Load the philo-twitter-list:

In [None]:
# url: truesciphi.org/phi.html
soup = BeautifulSoup(open("philotwitter_2.html",encoding='utf-8'))

In [None]:
# This code did oversample. I corrected this in the next notebook. If you run this, you should use the correct one:
# links = []
# for link in soup.findAll('a'):
#     links.append(link.text)

In [None]:
# This is the correct code:
soup = BeautifulSoup(open("philotwitter_2.html",encoding='utf-8'))
links = []
for link in soup.findAll('a'):
    links.append(link.text)

r1 = re.findall(r"@[A-Za-z0-9_]*",str(links))


In [None]:

r1 = re.findall(r"@[A-Za-z0-9_]*(?=<)",str(soup))
len(r1)

We dump our list, in case we need it later:

In [None]:
import pickle

pickle.dump( r1, open( "philosophen_liste.p", "wb" ) )

In [None]:
import pickle
philos = pickle.load( open( "philosophen_liste.p", "rb" ) )
print(philos)

Now we send a command to twarc (in the console) that downloads from the timeline of the user. I don't know exactly what determines how much it gets, but it's usually around 3000 tweets. It's roughly ten GB, so I pointed this to an external drive.

In [None]:
count = 0

for tweeter in philos:
    filename = str(r'E:/timelines/' + tweeter + '.jsonl')
    name = tweeter.replace('@','')
    print(count)
    count = count +1
    !twarc timeline $name > $filename
#     !twarc users $name > $filename

We loop over all the collected files, and extract for each author the metadata associated with the last tweet.
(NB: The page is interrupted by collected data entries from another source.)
Lemma continuous_sum (T : topologicalType) (I : Type) (r : seq I) (F : I -> T -> R) :
  (forall i, continuous (F i)) -> continuous (fun t => \sum_(i <- r) F i t).
Proof.
move=> hF; elim: r => [|a r IH] /=.
  by under eq_fun do rewrite big_nil; exact: cst_continuous.
under eq_fun do rewrite big_cons.
by move=> t; apply: continuousD (hF a t) (IH t).
Qed.

Lemma continuous_qf k (M : 'M[R]_k) : continuous (fun v : 'rV[R]_k => qf M v^T).
Proof.
have -> : (fun v : 'rV[R]_k => qf M v^T) =
          (fun v => \sum_j (\sum_i v 0 i * M i j) * v 0 j).
  apply: funext => v; rewrite /qf trmxK mxE; apply: eq_bigr => j _; rewrite !mxE.
  by congr (_ * _); apply: eq_bigr => i _; rewrite mxE.
apply: continuous_sum => j v; apply: continuousM; last exact: coord_continuous.
apply: continuous_sum => i w; apply: continuousM; first exact: coord_continuous.
exact: cst_continuous.
Qed.

Lemma unit_sphere_bounded k : bounded_set [set v : 'rV[R]_k | sqnorm v^T = 1].
Proof.
rewrite /bounded_set /= /bounded_near; near=> M => v v1 /=.
rewrite [X in X <= _]/Num.norm /= mx_normrE.
apply: (@le_trans _ _ 1); last by near: M; apply: nbhs_pinfty_ge.
elim/big_ind: _ => //; first by move=> a b ha hb; rewrite ge_max ha hb.
move=> [i j] _ /=; rewrite (ord1 i) -sqrtr_sqr -sqrtr1; apply: ler_wsqrtr.
rewrite -v1 sqnormE (bigD1 j) //= mxE ler_wpDr //.
by apply: sumr_ge0 => l _; apply: sqr_ge0.
Unshelve. all: by end_near.
Qed.

Lemma unit_sphere_compact k : compact [set v : 'rV[R]_k | sqnorm v^T = 1].
Proof.
apply: bounded_closed_compact; first exact: unit_sphere_bounded.
have -> : [set v : 'rV[R]_k | sqnorm v^T = 1] =
          (fun v => qf 1%:M v^T) @^-1` [set 1].
  by apply: funext => v; rewrite /preimage /= sqnorm_qf.
by apply: (continuous_closedP _).1; [exact: continuous_qf | exact: closed_eq].
Qed.

(* [l] is the minimum of [qf P] on the compact unit sphere. *)
Lemma posdef_ge_sqnorm k (P : 'M[R]_k) : posdef P ->
  exists2 l, 0 < l & forall x, l * sqnorm x <= qf P x.
Proof.
case: k P => [|k] P [_ hP].
  exists 1 => // x; have -> : x = 0 by apply/matrixP => -[].
  by rewrite qfv0 sqnorm0 mulr0.
have sphere0 : [set v : 'rV[R]_k.+1 | sqnorm v^T = 1] !=set0.
  have nz1 : const_mx 1 != 0 :> 'cV[R]_k.+1.
    by apply/eqP => /matrixP /(_ 0 0) /eqP; rewrite !mxE oner_eq0.
  exists ((vnorm2 (const_mx 1 : 'cV[R]_k.+1))^-1 *: const_mx 1)^T.
  by rewrite /= trmxK -sqr_vnorm2 (vnorm2_normalize nz1) expr1n.
have [c /[!inE] /= c1 cmin] := EVT_min_rV sphere0 (@unit_sphere_compact k.+1)
  (continuous_subspaceT (continuous_qf (M := P))).
have nc : c^T != 0 by rewrite -sqnorm_eq0 c1 oner_eq0.
exists (qf P c^T); first exact: hP.
move=> x; have [->|nx] := eqVneq x 0; first by rewrite qfv0 sqnorm0 mulr0.
have nv : vnorm2 x != 0 by rewrite vnorm2_eq0.
have -> : qf P x = sqnorm x * qf P ((vnorm2 x)^-1 *: x).
  by rewrite qfZv -sqr_vnorm2 mulrA -exprMn mulfV ?expr1n ?mul1r.
rewrite mulrC ler_wpM2l ?sqnorm_ge0 //; have := cmin ((vnorm2 x)^-1 *: x)^T.
by rewrite trmxK inE /= trmxK -sqr_vnorm2 vnorm2_normalize ?expr1n //; apply.
Qed.
End UnitSphere.

Section SchurComplement.
Variables (R : realType) (n m : nat).
Implicit Type Q : 'M[R]_(n + m).

Lemma qf_blk_uu Q u : qf (blk_uu Q) u = qf Q (col_mx 0 u).
Proof.
rewrite -{2}(submxK Q) qf_block /qf /bl /blk_uu.
by rewrite trmx0 !mul0mx !mulmx0 !mxE; lra.
Qed.

Lemma Hschur_sym Q : symmx Q -> symmx (Hschur Q).
Proof.
move=> sQ; have sQuu : (blk_uu Q)^T = blk_uu Q by rewrite trmx_drsub sQ.
rewrite /symmx /Hschur linearB /= /blk_xx trmx_ulsub sQ.
by rewrite !trmx_mul trmxK trmx_inv sQuu mulmxA.
Qed.

Lemma qf_Hschur_complete Q x u : symmx Q -> blk_uu Q \in unitmx ->
  qf Q (col_mx x u) =
  qf (Hschur Q) x + qf (blk_uu Q) (u + invmx (blk_uu Q) *m blk_ux Q *m x).
Proof.
move=> sQ uQ; have sQuu : (blk_uu Q)^T = blk_uu Q by rewrite trmx_drsub sQ.
have sQur : ursubmx Q = (blk_ux Q)^T by rewrite trmx_dlsub sQ.
rewrite -{1}(submxK Q) qf_block qfDv sQur /Hschur qfB.
rewrite /qf /bl !trmx_mul trmx_inv sQuu !mulmxA.
rewrite -!(mulmxA _ (blk_uu Q) (invmx (blk_uu Q))) mulmxV // mulmx1.
rewrite -!(mulmxA _ (invmx (blk_uu Q)) (blk_uu Q)) mulVmx // !mulmx1.
by rewrite /blk_xx /blk_ux /blk_uu; lra.
Qed.

Definition schur_gain Q : 'M[R]_(m, n) := - (invmx (blk_uu Q) *m blk_ux Q).

Lemma qf_Hschur Q x : symmx Q -> blk_uu Q \in unitmx ->
  qf (Hschur Q) x = qf Q (col_mx x (schur_gain Q *m x)).
Proof.
by move=> sQ uQ; rewrite qf_Hschur_complete // /schur_gain mulNmx addNr qfv0 addr0.
Qed.

Lemma qf_Hschur_le Q x u : symmx Q -> blk_uu Q \in unitmx ->
  (forall v, 0 <= qf (blk_uu Q) v) -> qf (Hschur Q) x <= qf Q (col_mx x u).
Proof. by move=> sQ uQ uu_ge0; rewrite qf_Hschur_complete // lerDl. Qed.

End SchurComplement.

Lemma unitmx_qf_gt0 (R : realType) k (M : 'M[R]_k) :
  (forall u, u != 0 -> 0 < qf M u) -> M \in unitmx.
Proof.
move=> hM; rewrite unitmxE unitfE; apply/negP => /det0P [v nv vM].
have nvt : v^T != 0 by rewrite -(inj_eq (@trmx_inj _ _ _)) trmxK trmx0.
by have := hM _ nvt; rewrite /qf trmxK vM mul0mx mxE ltxx.
Qed.

Section ComparisonFunctions.
Variable R : realType.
We also extract lists with all the mentioned accounts (from the 'user_mentions' column). You could do way more with this, e. g. by extracting texts and building your similarities from that.

In [None]:
import pandas as pd
from IPython.display import display
import os
from io import StringIO
import tqdm

tweetcounts = []
tweeter_data = []

for filename in tqdm.tqdm_notebook(os.listdir(r'E:/timelines/')):
    print(str(r'E:/timelines/'+filename))
    with open(str(r'E:/timelines/'+filename), 'r') as file:
        try:
            data = file.read()
            this_dataset = pd.read_json(StringIO(data), lines=True)
            tweetcounts.append(len(this_dataset))
            mentioned_users_screenames = [[y['screen_name'] for y in x['user_mentions']] for x in this_dataset['entities']]
            mentioned_users_screenames = [item for sublist in mentioned_users_screenames for item in sublist]

            mentioned_users_names = [[y['name'] for y in x['user_mentions']] for x in this_dataset['entities']]
            mentioned_users_names = [item for sublist in mentioned_users_names for item in sublist]

            user_values = this_dataset['user'][0]
            user_values.pop('entities') # we need to remove these, because they mess uo the df otherwise.


            user_data = pd.DataFrame(user_values, index=[0])
            user_data['mentioned_users_screenames'] = str(mentioned_users_screenames)
            user_data['mentioned_users_names'] = str(mentioned_users_names)
            tweeter_data.append(user_data)
        except:
            print('Parsing failure') # These are mainly protected accounts
            pass


In [None]:
# We have a look at how meny tweets there are.
print(np.sum(tweetcounts))

In [None]:
# And now we built the whole dataset, have a look at it, and pickle it.
tweeter_data = pd.concat(tweeter_data)
display(tweeter_data)
pickle.dump( tweeter_data, open( "tweeter_data.p", "wb" ) )